Best score: 0.8869999999999999
Best parameters set:
	criterion: entropy
	max_depth: 30
	n_estimators: 1400


- When we go into advanced hyperparameter optimization techniques, we can take a look at minimization of functions using different kinds of minimization algorithms.

- This can be achieved by using many minimization functions such as 
    - `downhill simplex algorithm`, `Nelder-Mead optimization`,
    - using a `Bayesian technique` with Gaussian process for finding optimal parameters.
    - By using a `genetic algorithm`.

##### Gaussian process

- These kinds of algorithms need a function they can optimize. Most of the time, it’s about the minimization of 
this function, like we minimize loss.

- Using Bayesian optimization with gaussian process can be accomplished by using gp_minimize
function from scikit-optimize (skopt) library

In [2]:
! pip install scikit-optimize

Defaulting to user installation because normal site-packages is not writeable
Collecting scikit-optimize
  Using cached scikit_optimize-0.9.0-py2.py3-none-any.whl (100 kB)
Collecting pyaml>=16.9
  Downloading pyaml-23.5.9-py3-none-any.whl (17 kB)
Collecting PyYAML
  Downloading PyYAML-6.0-cp39-cp39-win_amd64.whl (151 kB)
     ------------------------------------ 151.6/151.6 KB 411.1 kB/s eta 0:00:00
Installing collected packages: PyYAML, pyaml, scikit-optimize
Successfully installed PyYAML-6.0 pyaml-23.5.9 scikit-optimize-0.9.0


You should consider upgrading via the 'C:\Program Files\Python39\python.exe -m pip install --upgrade pip' command.


In [6]:
import numpy as np
import pandas as pd
from functools import partial
from sklearn import ensemble
from sklearn import metrics
from sklearn import model_selection

from skopt import gp_minimize
from skopt import space

In [7]:
def optimize(params, param_names, x, y):
    """
    The main optimization function. 
    This function takes all the arguments from the search space
    and training features and targets.
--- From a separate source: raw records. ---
Lemma erlang_diff (n : nat) (t : R) :
  erlang n t - erlang n.+1 t = expR (- (2 * nu * t)) * ((2 * nu * t) ^+ n / (n`!)%:R).
Proof. rewrite /erlang [expSum n.+1 t]/expSum big_nat_recr //= -/(expSum n t); ring. Qed.

Lemma erlang_derive (n : nat) (t : R) :
  is_derive t 1 (erlang n.+1) (2 * nu * (erlang n t - erlang n.+1 t)).
Proof.
have -> : erlang n.+1 =
    fun u => 1 + (-1) * (expR (- (2 * nu) * u) * expSum n.+1 u).
  by apply/funext => u; rewrite /erlang mulNr mul1r mulNr.
apply: is_derive_eq
  (der_add (is_derive_cst _ _ _) (der_scale _ (der_mul (der_expR_lin _ _) (expSum_derive _ _)))) _.
rewrite /erlang -(mulNr (2 * nu) t); ring.
Qed.

Hypothesis nu_ge0 : 0 <= nu.

Lemma erlang_le1 (n : nat) (t : R) : 0 <= t -> erlang n t <= 1.
Proof.
move=> t0; rewrite /erlang lerBlDr lerDl mulr_ge0 ?expR_ge0 //.
by apply: sumr_ge0 => i _; rewrite divr_ge0 ?exprn_ge0 ?mulr_ge0.
Qed.

(* Positivity: G_{n+1} starts at 0 and is nondecreasing on [0, +oo[ because its
   derivative is a nonnegative Poisson weight (mean value theorem). *)
Lemma erlang_ge0 (n : nat) (t : R) : 0 <= t -> 0 <= erlang n t.
Proof.
move=> t_ge0; case: n => [|n]; first by rewrite erlang0.
have [->|t_neq0] := eqVneq t 0; first by rewrite erlangS_at0.
have t_gt0 : 0 < t by rewrite lt0r t_neq0.
have [||c c_in mvt] :=
  @MVT R (erlang n.+1) (fun u => 2 * nu * (erlang n u - erlang n.+1 u)) 0 t t_gt0.
- by move=> x _; apply: erlang_derive.
- by apply: derivable_within_continuous => x _; have [] := erlang_derive n x.
move: c_in; rewrite in_itv /= => /andP[c_gt0 _].
move/eqP: mvt; rewrite erlangS_at0 subr0 => /eqP ->.
rewrite erlang_diff subr0 !mulr_ge0 ?expR_ge0 ?divr_ge0 ?exprn_ge0 ?ler0n ?mulr_ge0 //.
exact: ltW.
Qed.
It then initializes
    the models by setting the chosen parameters and runs 
    cross-validation and returns a negative accuracy score
    :param params: list of params from gp_minimize
    :param param_names: list of param names. order is important!
    :param x: training data
    :param y: labels/targets
    :return: negative accuracy after 5 folds
    """

    # convert params to dictionary
    params = dict(zip(param_names, params))

    # initialize model with current parameters
    model = ensemble.RandomForestClassifier(**params)

    # initialize stratified k-fold
    kf = model_selection.StratifiedKFold(n_splits=5)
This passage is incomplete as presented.